Gold, Silver etc have a daily published value, and you can expect a number close to that (allowing for margin). But "precious stones" are really not all that precious, or rare.
When selling (to a dealer) you discover the margins they make- often upwards of 90% (as my father discovered selling jewelry he inherited.) To be fair, crafting takes significant labor and most old jewelry has to be melted down and recrafted.
None of this negates the significance of one person giving another jewelry. That adds substantial sentimental value which is what makes them valuable at all.
(It does make me smile though when movies use uncut diamonds as some sort of compact currency...)
My pet theory is that those are all effectively product placements; i.e. they get paid to portray diamonds in the movie as valuable.
After a while she just kind of knew what to look out for. How people presented the goods, how they acted, etc.
The most shocking part to me, was how many 80s-90s celebs would bring in gold to sell. I guess times get rough.
Gold teeth are worth the absolute least.
Boots, not clothes.
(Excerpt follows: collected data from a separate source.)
(* Let $G=(V,E)$ be a DAG and $ij\in E$. If $A\subseteq V$ is identifying for the edge $ij$, i.e. $\lambda_{ij|A}(\phi_G(\Omega,\Lambda))=\lambda_{ij}$ for all parameters $(\Omega,\Lambda)$, then $i\in A\subseteq V\setminus\overline{\mathrm{de}}(j)$.
   Context: $G=(V,E)$ is a DAG, edges $i\to j$ written $ij$; $\mathrm{de}(j)$ descendants of $j$ (excluding $j$), $\overline{\mathrm{de}}(j)=\{j\}\cup\mathrm{de}(j)$. Parameters: $\Omega=\mathrm{diag}(\omega_i)$ with $\omega_i>0$, $\Lambda=(\lambda_{ij})$ with $\lambda_{ij}=0$ for $ij\notin E$. $\phi_G(\Omega,\Lambda)=(I-\Lambda)^{-T}\Omega(I-\Lambda)^{-1}$. $\Sigma_A$ principal submatrix; for $K\subseteq V$ and $i,j$, $\Sigma_{ij|K}$ the submatrix with rows $(i,K)$ and columns $(j,K)$ (if $j\in K$ it has a repeated column); $\lambda_{ij|A}(\Sigma)=|\Sigma_{ij|A\setminus\{i\}}|/|\Sigma_A|$. *)

From HB Require Import structures.
From mathcomp Require Import all_boot all_order all_algebra.
From mathcomp Require Import reals.
Set Implicit Arguments. Unset Strict Implicit. Unset Printing Implicit Defensive.
Import Order.TTheory GRing.Theory Num.Theory.
Local Open Scope ring_scope.

Definition de (n : nat) (e : rel 'I_n) (j : 'I_n) : {set 'I_n} :=
  [set k | [exists k', e j k' && connect e k' k]].

Definition debar (n : nat) (e : rel 'I_n) (j : 'I_n) : {set 'I_n} :=
  j |: de e j.

Definition is_dag (n : nat) (e : rel 'I_n) : Prop :=
  forall i : 'I_n, i \notin de e i.

Definition phiG (R : fieldType) (n : nat) (omega : 'I_n -> R) (L : 'M[R]_n)
  : 'M[R]_n :=
  (invmx (1%:M - L))^T *m diag_mx (\row_k omega k) *m invmx (1%:M - L).

Definition subPrinc (R : ringType) (n : nat) (S : 'M[R]_n) (A : {set 'I_n})
  : 'M[R]_#|A| :=
  \matrix_(a < #|A|, b < #|A|) S (enum_val a) (enum_val b).

(* Sigma_{ij|K}: rows (i, K), columns (j, K), K ordered by enum K. *)
Definition subCond (R : ringType) (n : nat) (S : 'M[R]_n) (i j : 'I_n)
  (K : {set 'I_n}) : 'M[R]_(#|K|.+1) :=
  \matrix_(a < #|K|.+1, b < #|K|.+1)
     S (nth i (i :: enum K) a) (nth j (j :: enum K) b).

Definition lamA (R : fieldType) (n : nat) (i j : 'I_n) (A : {set 'I_n})
  (S : 'M[R]_n) : R :=
  \det (subCond S i j (A :\ i)) / \det (subPrinc S A).

From HB Require Import structures.
From mathcomp Require Import all_boot all_order all_algebra.
From mathcomp Require Import reals ring.
Set Implicit Arguments. Unset Strict Implicit. Unset Printing Implicit Defensive.
Import Order.TTheory GRing.Theory Num.Theory.
Local Open Scope ring_scope.
(* Let $m\ge1$, $s_1,\dots,s_m\in\mathbb{R}$ and $\alpha\in[0,1]$. For $\gamma\in[0,1]$ let $N(\gamma):=\sum_{i=1}^m\chi_{\alpha,\gamma}(s_i)$. Then $$\int_0^1\big(N(\gamma)-\gamma m\big)^2\,d\gamma\ \ge\ \frac1{12}.$$
   Context: For $r\in\mathbb{R}$, $\{r\}:=r-\lfloor r\rfloor$. For $\alpha\in\mathbb{R}$, $\gamma\in[0,1]$, $S_{\alpha,\alpha+\gamma}:=\{x\in[0,1]:\{x-\alpha\}\le\gamma\}$, and $\chi_{\alpha,\gamma}(x):=1$ if $\{x\}\in S_{\alpha,\alpha+\gamma}$, and $0$ otherwise. *)

From Stdlib Require Import Reals Lra Lia List.
Open Scope R_scope.

(* {r} := r - floor r ; Stdlib's frac_part r = r - IZR (Int_part r), Int_part = floor *)
Definition frac (r : R) : R := frac_part r.

Definition in_S (alpha gamma x : R) : Prop :=
  0 <= x <= 1 /\ frac (x - alpha) <= gamma.

Definition chi (alpha gamma x : R) : R :=
  if Rle_dec 0 (frac x) then
    if Rle_dec (frac x) 1 then
      if Rle_dec (frac (frac x - alpha)) gamma then 1 else 0
    else 0
  else 0.

(* N(gamma) = sum_{i=1}^m chi_{alpha,gamma}(s_i), with s indexed 0..m-1 *)
Definition Ncount (m : nat) (s : nat -> R) (alpha gamma : R) : R :=
  fold_right Rplus 0 (map (fun i => chi alpha gamma (s i)) (seq 0 m)).

Definition integrand (m : nat) (s : nat -> R) (alpha : R) (gamma : R) : R :=
  (Ncount m s alpha gamma - gamma * INR m) ^ 2.

From Stdlib Require Import Reals Lra Lia List ZArith.
From Coquelicot Require Import Coquelicot.
Open Scope R_scope.

(* Put t_i := {{s_i} - alpha}.  Then chi_{alpha,gamma}(s_i) is the
   indicator of t_i <= gamma, so N(gamma) = #{i : t_i <= gamma} is an
   integer-valued step function of gamma.  Hence (N(gamma) - gamma m)^2 is
   bounded below by the squared distance from gamma m to the nearest integer,
   a sawtooth whose integral over each cell [k/m, (k+1)/m] is exactly
   1/(12 m); the m cells of [0,1] give 1/12. *)

Definition step (t g : R) : R := if Rle_dec t g then 1 else 0.

Definition threshold (alpha x : R) : R := frac (frac x - alpha).

Lemma chi_step (alpha g x : R) : chi alpha g x = step (threshold alpha x) g.
Proof.
  unfold chi, step, threshold, frac.
  destruct (base_fp x) as [Hx0 Hx1].
  destruct (Rle_dec 0 (frac_part x)); [|lra].
  destruct (Rle_dec (frac_part x) 1); [reflexivity|lra].
Qed.

Fixpoint count (l : list R) (g : R) : R :=
  match l with
  | nil => 0
  | t :: l' => step t g + count l' g
  end.

Lemma Ncount_count (m : nat) (s : nat -> R) (alpha g : R) :
  Ncount m s alpha g = count (map (fun i => threshold alpha (s i)) (seq 0 m)) g.
Proof.
  unfold Ncount. induction (seq 0 m) as [|i l IH]; simpl; [reflexivity|].
  now rewrite chi_step, IH.
Qed.

Lemma count_integer (l : list R) (g : R) : exists n : Z, count l g = IZR n.
Proof.
  induction l as [|t l [n Hn]]; simpl.
  - now exists 0%Z.
  - unfold step; destruct (Rle_dec t g).
    + exists (n + 1)%Z. rewrite plus_IZR, Hn. ring.
    + exists n. rewrite Hn. ring.
Qed.

(* Extensionality of integrability, stated with equality in R so that real
   arithmetic tactics apply to the pointwise side condition. *)
Lemma ex_RInt_ext_R (f g : R -> R) (a b : R) :
  (forall x, Rmin a b < x < Rmax a b -> f x = g x) -> ex_RInt f a b -> ex_RInt g a b.
Proof. apply ex_RInt_ext. Qed.

Definition loc_int (f : R -> R) : Prop := forall a b, ex_RInt f a b.

Lemma loc_int_ext (f g : R -> R) : loc_int f -> (forall x, f x = g x) -> loc_int g.
Proof. intros Hf E a b. apply (ex_RInt_ext_R f); auto. Qed.

Lemma loc_int_zero : loc_int (fun _ => 0).
Proof. intros a b. apply ex_RInt_const. Qed.

Lemma loc_int_plus (f g : R -> R) :
  loc_int f -> loc_int g -> loc_int (fun x => f x + g x).
Proof. intros Hf Hg a b. apply (ex_RInt_plus f g); auto. Qed.

Lemma loc_int_scal (k : R) (f : R -> R) : loc_int f -> loc_int (fun x => k * f x).
Proof. intros Hf a b. apply (ex_RInt_scal f a b k); auto. Qed.

Lemma loc_int_continuous (q : R -> R) : (forall x, continuous q x) -> loc_int q.
Proof. intros Hq a b. apply (@ex_RInt_continuous R_CompleteNormedModule). intros; apply Hq. Qed.

(* A step times a continuous function: on either side of the jump it agrees
   with a continuous function, and Chasles glues the two sides. *)
Lemma loc_int_step_mul (t : R) (q : R -> R) :
  (forall x, continuous q x) -> loc_int (fun g => step t g * q g).
Proof.
  intros Hq.
  assert (one_side : forall a b, (a <= t /\ b <= t) \/ (t <= a /\ t <= b) ->
            ex_RInt (fun g => step t g * q g) a b).
  { intros a b [[Ha Hb] | [Ha Hb]].
    - apply (ex_RInt_ext_R (fun _ => 0)); [|apply ex_RInt_const].
      intros x [_ Hx]. unfold step. destruct (Rle_dec t x); [|ring].
      pose proof (Rmax_lub a b t Ha Hb). lra.
    - apply (ex_RInt_ext_R q); [|now apply loc_int_continuous].
      intros x [Hx _]. unfold step. destruct (Rle_dec t x); [ring|].
      pose proof (Rmin_glb a b t Ha Hb). lra. }
  intros a b. apply ex_RInt_Chasles with t; apply one_side;
    destruct (Rle_dec a t), (Rle_dec b t); lra.
Qed.

Lemma step_mul_step (t u g : R) : step t g * step u g = step (Rmax t u) g * 1.
Proof.
  unfold step, Rmax.
  destruct (Rle_dec t u), (Rle_dec t g), (Rle_dec u g); lra.
Qed.

Lemma loc_int_count_mul (l : list R) (q : R -> R) :
  (forall x, continuous q x) -> loc_int (fun g => count l g * q g).
Proof.
  intros Hq. induction l as [|t l IH]; simpl.
  - apply loc_int_ext with (fun _ => 0); [apply loc_int_zero | intros; ring].
  - apply loc_int_ext with (fun g => step t g * q g + count l g * q g);
      [apply loc_int_plus; auto; now apply loc_int_step_mul | intros; ring].
Qed.

Lemma loc_int_step_count (t : R) (l : list R) :
  loc_int (fun g => step t g * count l g).
Proof.
  induction l as [|u l IH]; simpl.
  - apply loc_int_ext with (fun _ => 0); [apply loc_int_zero | intros; ring].
  - apply loc_int_ext with (fun g => step (Rmax t u) g * 1 + step t g * count l g).
    + apply loc_int_plus; auto. apply loc_int_step_mul. intros; apply continuous_const.
    + intros g. rewrite <- step_mul_step. ring.
Qed.

Lemma loc_int_count_count (l l' : list R) :
  loc_int (fun g => count l g * count l' g).
Proof.
  induction l as [|t l IH]; simpl.
  - apply loc_int_ext with (fun _ => 0); [apply loc_int_zero | intros; ring].
  - apply loc_int_ext with (fun g => step t g * count l' g + count l g * count l' g);
      [apply loc_int_plus; auto; apply loc_int_step_count | intros; ring].
Qed.

Lemma loc_int_count_deviation (l : list R) (M : R) :
  loc_int (fun g => (count l g - g * M) ^ 2).
Proof.
  apply loc_int_ext with
    (fun g => count l g * count l g + (-2 * M) * (count l g * g) + (M * M) * (g * g)).
  - apply loc_int_plus; [apply loc_int_plus|].
    + apply loc_int_count_count.
    + apply loc_int_scal, loc_int_count_mul. intros; apply continuous_id.
    + apply loc_int_scal, loc_int_continuous. intros x.
      apply (@ex_derive_continuous R_AbsRing R_NormedModule). auto_derive; auto.
  - intros; ring.
Qed.

Lemma int_outside_cell (n k : Z) : IZR n <= IZR k \/ IZR k + 1 <= IZR n.
Proof.
  destruct (Z.le_gt_cases n k) as [Hnk | Hnk].
  - left. now apply IZR_le.
  - right. rewrite <- plus_IZR. apply IZR_le. lia.
Qed.

Lemma sawtooth_rise_le (n k x : R) :
  n <= k \/ k + 1 <= n -> k <= x <= k + /2 -> (x - k) ^ 2 <= (n - x) ^ 2.
Proof. intros [Hn | Hn] Hx; nra. Qed.

Lemma sawtooth_fall_le (n k x : R) :
  n <= k \/ k + 1 <= n -> k + /2 <= x <= k + 1 -> (k + 1 - x) ^ 2 <= (n - x) ^ 2.
Proof. intros [Hn | Hn] Hx; nra. Qed.

(* The two halves of a tooth of the sawtooth g |-> dist(gM, Z)^2, of width
   1/(2M) each, have integral 1/(24M). *)
Lemma RInt_sawtooth_rise (M K : R) : 0 < M ->
  is_RInt (fun g => (g * M - K) ^ 2) (K / M) ((K + /2) / M) (1 / (24 * M)).
Proof.
  intros HM.
  pose (F g := (g * M - K) ^ 3 / (3 * M)).
  replace (1 / (24 * M)) with (minus (F ((K + /2) / M)) (F (K / M)))
    by (unfold F, minus, plus, opp; simpl; field; lra).
  apply (is_RInt_derive F).
  - intros x _. unfold F. auto_derive; auto. field. lra.
  - intros x _. apply (@ex_derive_continuous R_AbsRing R_NormedModule). auto_derive; auto.
Qed.

Lemma RInt_sawtooth_fall (M K : R) : 0 < M ->
  is_RInt (fun g => (K + 1 - g * M) ^ 2) ((K + /2) / M) ((K + 1) / M) (1 / (24 * M)).
Proof.
  intros HM.
  pose (F g := - (K + 1 - g * M) ^ 3 / (3 * M)).
  replace (1 / (24 * M)) with (minus (F ((K + 1) / M)) (F ((K + /2) / M)))
    by (unfold F, minus, plus, opp; simpl; field; lra).
  apply (is_RInt_derive F).
  - intros x _. unfold F. auto_derive; auto. field. lra.
  - intros x _. apply (@ex_derive_continuous R_AbsRing R_NormedModule). auto_derive; auto.
Qed.

Section CellBound.

Variables (M : R) (f : R -> R).
Hypothesis M_pos : 0 < M.
Hypothesis f_int : loc_int f.
Hypothesis f_ge : forall g, exists n : Z, (IZR n - g * M) ^ 2 <= f g.

Lemma div_le_compat (a b : R) : a <= b -> a / M <= b / M.
Proof. intros; apply Rmult_le_compat_r; [apply Rlt_le, Rinv_0_lt_compat|]; lra. Qed.

Lemma cell_rise_bound (k : Z) :
  1 / (24 * M) <= RInt f (IZR k / M) ((IZR k + /2) / M).
Proof.
  rewrite <- (is_RInt_unique _ _ _ _ (RInt_sawtooth_rise M (IZR k) M_pos)).
  apply RInt_le; [apply div_le_compat; lra | eexists; now apply RInt_sawtooth_rise
                 | apply f_int |].
  intros x [H1 H2]. apply Rlt_div_l in H1; auto. apply Rlt_div_r in H2; auto.
  destruct (f_ge x) as [n Hn].
  eapply Rle_trans; [|exact Hn].
  apply sawtooth_rise_le; [apply int_outside_cell | lra].
Qed.

Lemma cell_fall_bound (k : Z) :
  1 / (24 * M) <= RInt f ((IZR k + /2) / M) ((IZR k + 1) / M).
Proof.
  rewrite <- (is_RInt_unique _ _ _ _ (RInt_sawtooth_fall M (IZR k) M_pos)).
  apply RInt_le; [apply div_le_compat; lra | eexists; now apply RInt_sawtooth_fall
                 | apply f_int |].
  intros x [H1 H2]. apply Rlt_div_l in H1; auto. apply Rlt_div_r in H2; auto.
  destruct (f_ge x) as [n Hn].
  eapply Rle_trans; [|exact Hn].
  apply sawtooth_fall_le; [apply int_outside_cell | lra].
Qed.

Lemma cell_bound (k : Z) : 1 / (12 * M) <= RInt f (IZR k / M) ((IZR k + 1) / M).
Proof.
  rewrite <- (RInt_Chasles f _ ((IZR k + /2) / M)) by apply f_int.
  pose proof (cell_rise_bound k). pose proof (cell_fall_bound k).
  change (plus ?a ?b) with (a + b).
  replace (1 / (12 * M)) with (1 / (24 * M) + 1 / (24 * M)) by (field; lra).
  lra.
Qed.

Lemma cells_bound (n : nat) : INR n / (12 * M) <= RInt f 0 (INR n / M).
Proof.
  induction n as [|n IH].
  - simpl. replace (0 / M) with 0 by (field; lra).
    rewrite RInt_point. change (zero : R) with 0. unfold Rdiv; lra.
  - rewrite <- (RInt_Chasles f 0 (INR n / M)) by apply f_int.
    pose proof (cell_bound (Z.of_nat n)) as Hcell.
    rewrite <- INR_IZR_INZ in Hcell. rewrite S_INR.
    change (plus ?a ?b) with (a + b).
    replace ((INR n + 1) / (12 * M)) with (INR n / (12 * M) + 1 / (12 * M))
      by (field; lra).
    lra.
Qed.

End CellBound.

Theorem lemma3p3 (m : nat) (s : nat -> R) (alpha : R)
  (hm : (1 <= m)%nat) (halpha : 0 <= alpha <= 1) :
  exists pr : Riemann_integrable (integrand m s alpha) 0 1,
    1 / 12 <= RiemannInt pr.
Proof.
  set (L := map (fun i => threshold alpha (s i)) (seq 0 m)).
  assert (integrand_eq : forall g, integrand m s alpha g = (count L g - g * INR m) ^ 2).
  { intros g. unfold integrand. now rewrite Ncount_count. }
  assert (m_pos : 0 < INR m) by (apply lt_0_INR; lia).
  assert (int_integrand : loc_int (integrand m s alpha)).
  { apply loc_int_ext with (fun g => (count L g - g * INR m) ^ 2);
      [apply loc_int_count_deviation | intros; now rewrite integrand_eq]. }
  assert (integrand_ge : forall g, exists n : Z,
             (IZR n - g * INR m) ^ 2 <= integrand m s alpha g).
  { intros g. destruct (count_integer L g) as [n Hn]. exists n.
    rewrite integrand_eq, Hn. lra. }
  exists (ex_RInt_Reals_0 _ _ _ (int_integrand 0 1)).
  rewrite <- RInt_Reals.
  pose proof (cells_bound (INR m) _ m_pos int_integrand integrand_ge m) as H.
  replace (INR m / INR m) with 1 in H by (field; lra).
  replace (INR m / (12 * INR m)) with (1 / 12) in H by (field; lra).
  exact H.
Qed.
Diamonds are so sharp that they easily get lodged in rubber soles. And then fall out when you walk.
One would think diamond merchants would take the time to be equally careful, if not moreso.
But also, these tiny stones really aren't worth much. What you're asking is like Home Depot making sure to account for every single nut & bolt so none are stolen or lost. It would cost far more in time & labor then what you'd get back in return.
And the small diamonds are still pretty cheap. He said about $100 per carat of small diamonds. It's not surprising that they're more casual with this inventory.
> Over six days, he says, he collected enough gold for two sales totaling $819 on 47th Street.
>The SI comprises a coherent system of units of measurement starting with seven base units, which are the second (symbol s, the unit of time), metre (m, length), kilogram (kg, mass), ampere (A, electric current), kelvin (K, thermodynamic temperature), mole (mol, amount of substance), and candela (cd, luminous intensity).
and gram is some random word you made up, with no definition under SI.
There is no logical difference between the definition you gave, and an alternative definition that says "the gram is defined by setting the Planck constant h to 6.62607015×10−31 J⋅s (J = g⋅m2⋅s−2), given the definitions of the metre and the second", and then defining 1 kg = 1000 g. Which is why I'm asking what this distinction actually means, if anything.
It meant something that feels more real when the kilogram was defined as the mass of a physical reference kilogram object in a vault in Paris, but that changed a few years ago.
Don't you mean a millikilogram (mkg)?
Some gets resold as is (there's a (limited) market for vintage jewelry) but most is reworked. And of course that reworking takes significant time and skill.
That was an unexpected kicker. I suspect you or your spouse must have a good story about shady people trying to work that angle.
Just messy business.
If it’s in any form but rounds or bars, it’ll need to be melted down which has a cost. So it can be made into a form that can be resold closer to spot value.
The margin are actually even better if you melt them down. it’s really hard to buy physical gold at spot, single ounces/grams go for a few points higher.